Generate a function to calculate a wasserstein distance — wasserstein

Usage

wasserstein_calculator(obs, debias = FALSE, bootstraps = 1)

Arguments

obs: A vector of observations
debias: Should the simulations be shifted to match the mean of the observed data
bootstraps: Randomly resample from the simulated data points to match the observed size this many times and combine the output by averaging. The alternative, when this is 1 (the default) matches the sizes by selecting and/or repeating the simulated data points in order (deterministically)

Value

a function that takes parameter sim and returns a length normalised wasserstein distance. This is the average distance an individual data point must be shifted to match the reference data normalised by the average distance of the reference data from the mean.

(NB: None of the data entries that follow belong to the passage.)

Lemma RInt_oscillation_by_parts x0 N : 0 < x0 -> x0 <= N ->
  RInt (fun x => b2 * (R1 x * cos (2 * g x)) + b3 * (R1 x * sin (2 * g x))) x0 N
  = R1 N ^ 2 * osc N / 2 - R1 x0 ^ 2 * osc x0 / 2 + RInt (fun x => R1 x * Q1 x * osc x) x0 N.
Proof.
  intros Hx0 HN.
  assert (Hpos : forall x, Rmin x0 N <= x <= Rmax x0 N -> 0 < x)
    by (intros x Hx; rewrite Rmin_left in Hx; lra).
  assert (Hprim := is_RInt_derive _ _ x0 N
    (fun x Hx => is_derive_R1_sq_osc x (Hpos x Hx))
    (fun x Hx => continuous_minus _ _ x (continuous_oscillation x (Hpos x Hx))
                   (continuous_R1_Q1_osc x (Hpos x Hx)))).
  assert (Hrest := RInt_correct _ _ _ (ex_RInt_continuous_ge _ x0 x0 N
    (fun x Hx => continuous_R1_Q1_osc x ltac:(lra)) (Rle_refl _) HN)).
  apply is_RInt_unique. eapply is_RInt_ext; [| exact (is_RInt_plus _ _ _ _ _ _ Hprim Hrest)].
  intros x _. simpl. change (plus ?a ?b) with (a + b : R). ring.
Qed.

Lemma Rabs_osc_le x : Rabs (osc x) <= Rabs b2 + Rabs b3.
Proof. apply Rabs_sin_cos_comb_le. Qed.

Lemma is_lim_RInt_oscillation_mean x0 : 0 < x0 ->
  is_lim (fun N => RInt (fun x => b2 * (R1 x * cos (2 * g x)) + b3 * (R1 x * sin (2 * g x))) x0 N / N)
    p_infty 0.
Proof.
  intros Hx0.
  apply is_lim_ext_loc with (fun N => R1 N * R1 N * / N * (osc N / 2) - R1 x0 ^ 2 * osc x0 / 2 * / N
                                      + RInt (fun x => R1 x * Q1 x * osc x) x0 N / N).
  { exists x0. intros N HN. rewrite RInt_oscillation_by_parts by lra. field. lra. }
  replace (Finite 0) with (Finite (0 - 0 + 0)) by (f_equal; ring).
  apply is_lim_plus'; [apply is_lim_minus' |].
  - apply is_lim_mult_bounded_0 with ((Rabs b2 + Rabs b3) / 2).
    + replace (Finite 0) with (Rbar_mult (Rbar_mult l l) 0) by (simpl; f_equal; ring).
      apply is_lim_mult; [apply is_lim_mult | apply is_lim_Rinv_p_infty | ]; simpl; auto.
    + intros N. unfold Rdiv. rewrite Rabs_mult, (Rabs_pos_eq (/ 2)) by lra.
      generalize (Rabs_osc_le N). lra.
  - replace (Finite 0) with (Rbar_mult (R1 x0 ^ 2 * osc x0 / 2) 0) by (simpl; f_equal; ring).
    apply is_lim_scal_l, is_lim_Rinv_p_infty.
  - apply is_lim_RInt_mean; [intros x Hx; apply continuous_R1_Q1_osc; lra |].
    apply is_lim_mult_bounded_0 with (Rabs b2 + Rabs b3); [| exact Rabs_osc_le].
    replace (Finite 0) with (Rbar_mult l 0) by (simpl; f_equal; ring).
    apply is_lim_mult; simpl; auto.
Qed.

Lemma is_lim_RInt_oscillation_ratio x0 : 0 < x0 ->
  is_lim (fun N => RInt (fun x => b2 * (R1 x * cos (2 * g x)) + b3 * (R1 x * sin (2 * g x))) x0 N
                   / RInt R1 x0 N) p_infty 0.
Proof.
  intros Hx0.
  assert (Hmean : is_lim (fun N => RInt R1 x0 N / N) p_infty l)
    by (apply is_lim_RInt_mean; [intros x Hx; apply continuous_R1; lra | exact HR1]).
  apply is_lim_ext_loc with (fun N =>
    RInt (fun x => b2 * (R1 x * cos (2 * g x)) + b3 * (R1 x * sin (2 * g x))) x0 N / N
    / (RInt R1 x0 N / N)).
  { exists 0. intros N HN. unfold Rdiv. rewrite Rinv_mult, Rinv_inv.
    rewrite (Rmult_comm (/ _) N), <- Rmult_assoc, (Rmult_assoc _ (/ N) N), Rinv_l, Rmult_1_r by lra.
    reflexivity. }
  replace (Finite 0) with (Rbar_div 0 l) by (simpl; f_equal; field; lra).
  apply is_lim_div; [apply is_lim_RInt_oscillation_mean; exact Hx0 | exact Hmean | | exact I].
  intro E. injection E. lra.
Qed.

End OscillatoryMean.

Section AppellRepresentation.

Variables (P Q Rr th ph : R -> R) (a b c : R).
Hypothesis Hrep : appell_rep P Q Rr th ph a b c.

Lemma appell_rep_third_square x : 0 < x ->
  4 * a * Rr x = (2 * a * th x + b * ph x) ^ 2 + (4 * a * c - b ^ 2) * ph x ^ 2.
Proof. intros Hx. destruct (Hrep x Hx) as [_ [_ ->]]. ring. Qed.

Hypothesis HW : forall x, 0 < x -> Wr ph th x = 1.

Lemma appell_rep_invariant x : 0 < x -> P x * Rr x - Q x ^ 2 / 4 = a * c - b ^ 2 / 4.
Proof.
  intros Hx. destruct (Hrep x Hx) as [-> [-> ->]]. specialize (HW x Hx). unfold Wr in HW.
  transitivity ((a * c - b ^ 2 / 4) * (ph x * Derive th x - Derive ph x * th x) ^ 2);
    [field | rewrite HW; ring].
Qed.

Variable lam : R.
Hypothesis Hlam : 0 < lam.
Hypothesis HP : is_lim P p_infty (sqrt lam).
Hypothesis HQ : is_lim Q p_infty 0.
Hypothesis HR : is_lim Rr p_infty (/ sqrt lam).

Lemma appell_rep_det : a * c - b ^ 2 / 4 = 1.
Proof.
  assert (Hs : 0 < sqrt lam) by (apply sqrt_lt_R0; lra).
  assert (Hlim : is_lim (fun x => P x * Rr x - Q x ^ 2 / 4) p_infty 1).
  { replace 1 with (sqrt lam * / sqrt lam - 0 ^ 2 / 4) by (field; lra).
    apply is_lim_minus'; [apply (is_lim_mult _ _ _ _ _ HP HR I) |].
    apply (is_lim_ext (fun x => Q x * (Q x * 1) * / 4)); [intros x; simpl; field |].
    apply (is_lim_scal_r _ _ _ _ (is_lim_mult _ _ _ _ _ HQ (is_lim_scal_r _ _ _ _ HQ) I)). }
  apply is_lim_ext_loc with (g := fun _ => a * c - b ^ 2 / 4) in Hlim;
    [| exists 0; intros x Hx; apply appell_rep_invariant; lra].
  apply is_lim_unique in Hlim. rewrite Lim_const in Hlim. injection Hlim. auto.
Qed.

Lemma appell_rep_pos : 0 < a /\ 0 < c /\ forall x, 0 < x -> 0 < Rr x.
Proof.
  assert (HD := appell_rep_det).
  assert (Hsq : forall x, 0 < x -> 4 * a * Rr x = (2 * a * th x + b * ph x) ^ 2 + 4 * ph x ^ 2).
  { intros x Hx. rewrite appell_rep_third_square by exact Hx.
    replace (4 * a * c - b ^ 2) with 4 by lra. reflexivity. }
  (* [W(ph, th) = 1] forbids a common zero of [ph] and [th], and [a <> 0] since [a c = 1 + b^2/4]. *)
  assert (Hsq_pos : forall x, 0 < x -> 0 < (2 * a * th x + b * ph x) ^ 2 + 4 * ph x ^ 2).
  { intros x Hx. specialize (HW x Hx). unfold Wr in HW.
    destruct (Req_dec (ph x) 0) as [E | E].
    - rewrite E in *.
      assert (Hth : th x <> 0) by (intros E'; rewrite E' in HW; lra).
      assert (Ha : a <> 0) by (intros E'; rewrite E' in HD; nra).
      assert (0 < (2 * a * th x + b * 0) ^ 2) by (apply pow2_gt_0; intros E'; apply Hth; nra).
      lra.
    - generalize (pow2_gt_0 _ E) (pow2_ge_0 (2 * a * th x + b * ph x)). lra. }
  assert (Hs : 0 < / sqrt lam) by (apply Rinv_0_lt_compat, sqrt_lt_R0; lra).
  apply is_lim_spec in HR. destruct (HR (mkposreal _ Hs)) as [M HM]; simpl in HM.
  set (x1 := Rmax M 0 + 1).
  assert (Hx1 : M < x1 /\ 0 < x1) by (unfold x1; generalize (Rmax_l M 0) (Rmax_r M 0); lra).
  assert (HRx1 : 0 < Rr x1) by (specialize (HM x1 (proj1 Hx1)); apply Rabs_def2 in HM; lra).
  assert (Ha : 0 < a) by (generalize (Hsq x1 (proj2 Hx1)) (Hsq_pos x1 (proj2 Hx1)); nra).
  split; [exact Ha | split; [nra |]].
  intros x Hx. generalize (Hsq x Hx) (Hsq_pos x Hx). nra.
Qed.

End AppellRepresentation.

Lemma Wr_div_r (f g : R -> R) (C x : R) : Wr f (fun t => g t / C) x = Wr f g x / C.
Proof. unfold Wr, Rdiv. rewrite Derive_scal_l. ring. Qed.

Theorem mainTheorem9
  (q0 q1 : R) (qs : nat -> R)
  (Hconv : forall x, 0 < x -> ex_pseries qs x)
  (Hq0 : - / 4 <= q0) (Hq01 : q0 <> 0 \/ q1 <> 0)
  (Hqlim : is_lim (qfun q0 q1 qs) p_infty 0)
  (Hqint : q_integrability (qfun q0 q1 qs))
  (lam : R) (Hlam : 0 < lam)
  (phi y2 : R -> R)
  (Hphi : frobenius_phi (qfun q0 q1 qs) lam (nu_of q0) phi)
  (Hy2 : frobenius_second (qfun q0 q1 qs) lam (nu_of q0) phi y2)
  (C : R) (HC : C <> 0) (HW : forall x, 0 < x -> Wr phi y2 x = C)
  (P1 Q1 R1 : R -> R)
  (HU1 : appell_sol (qfun q0 q1 qs) lam P1 Q1 R1)
  (HP1 : is_lim P1 p_infty (sqrt lam))
  (HQ1 : is_lim Q1 p_infty 0)
  (HR1 : is_lim R1 p_infty (/ sqrt lam))
  (astar bstar cstar : R)
  (Hrep : appell_rep P1 Q1 R1 (fun t => y2 t / C) phi astar bstar cstar) :
  (forall c : R, 0 < c -> forall beta2 beta3 : R, forall x0 : R, 0 < x0 ->
     is_lim (fun N =>
               RInt (fun x => third (lincomb3 beta2 (U2 P1 Q1 R1 c x) beta3 (U3 P1 Q1 R1 c x))) x0 N
               / RInt R1 x0 N)
            p_infty 0)
  /\ 0 < astar /\ 0 < cstar.
Proof.
  assert (HWtheta : forall x, 0 < x -> Wr phi (fun t => y2 t / C) x = 1).
  { intros x Hx. rewrite Wr_div_r, HW by exact Hx. field. exact HC. }
  destruct (appell_rep_pos _ _ _ _ _ _ _ _ Hrep HWtheta lam Hlam HP1 HQ1 HR1)
    as [Ha [Hc HR1pos]].
  split; [| split; assumption].
  intros c Hc0 beta2 beta3 x0 Hx0.
  assert (HR1' : forall x, 0 < x -> is_derive R1 x (- Q1 x)) by apply HU1.
  assert (HQ1c : forall x, 0 < x -> continuous Q1 x).
  { intros x Hx. apply (ex_derive_continuous (V := R_NormedModule)).
    eexists. apply (HU1 x Hx). }
  assert (Hgamma : forall x, 0 < x -> is_derive (gamma_fn R1 c) x (/ R1 x)).
  { intros x Hx. apply (is_derive_RInt_pos (fun t => / R1 t) c x Hc0 Hx).
    intros t Ht. apply (ex_derive_continuous (V := R_NormedModule)). auto_derive.
    split; [exists (- Q1 t); apply HR1', Ht | split; [apply Rgt_not_eq, HR1pos, Ht | exact I]]. }
  exact (is_lim_RInt_oscillation_ratio R1 Q1 (gamma_fn R1 c) (/ sqrt lam) beta2 beta3
    (Rinv_0_lt_compat _ (sqrt_lt_R0 _ Hlam)) HR1pos HR1' HQ1c Hgamma HR1 HQ1 x0 Hx0).
Qed.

The function also takes a p parameter which can be a progressr progress bar which must be named.

Details

This function takes reference data in the forms of individual observations in the form of for example event times and returns a crated function to calculate the wasserstein distance from simulated data to the observed data. For large simulations this will be quicker than calculate_wasserstein but must be used with a crated scorer_fn

In the comparison unequal lengths of the data can be accommodated. The simulated data is recycled, and sampled, until the same length as the observed data before the comparison.

Unit tests



tmp = wasserstein_calculator(0:10)

# zero if no distance
testthat::expect_equal(tmp(0:10), 0)
testthat::expect_equal(tmp(10:0), 0)

Examples


# example case counts from an exponential growth process
sim = rexpgrowth(1000, 0.05, 40, 0)
obs = rexpgrowth(1000, 0.075, 40, 0)
obs2 = rexpgrowth(1000, 0.05, 40, 0)

calc = wasserstein_calculator(sim)

# obs is a different distribution to sim (larger growth)
calc(obs)
#> [1] 0.3260278

# obs2 is from the same distribution as sim so the RMSE should be lower:
calc(obs2)
#> [1] 0.09023579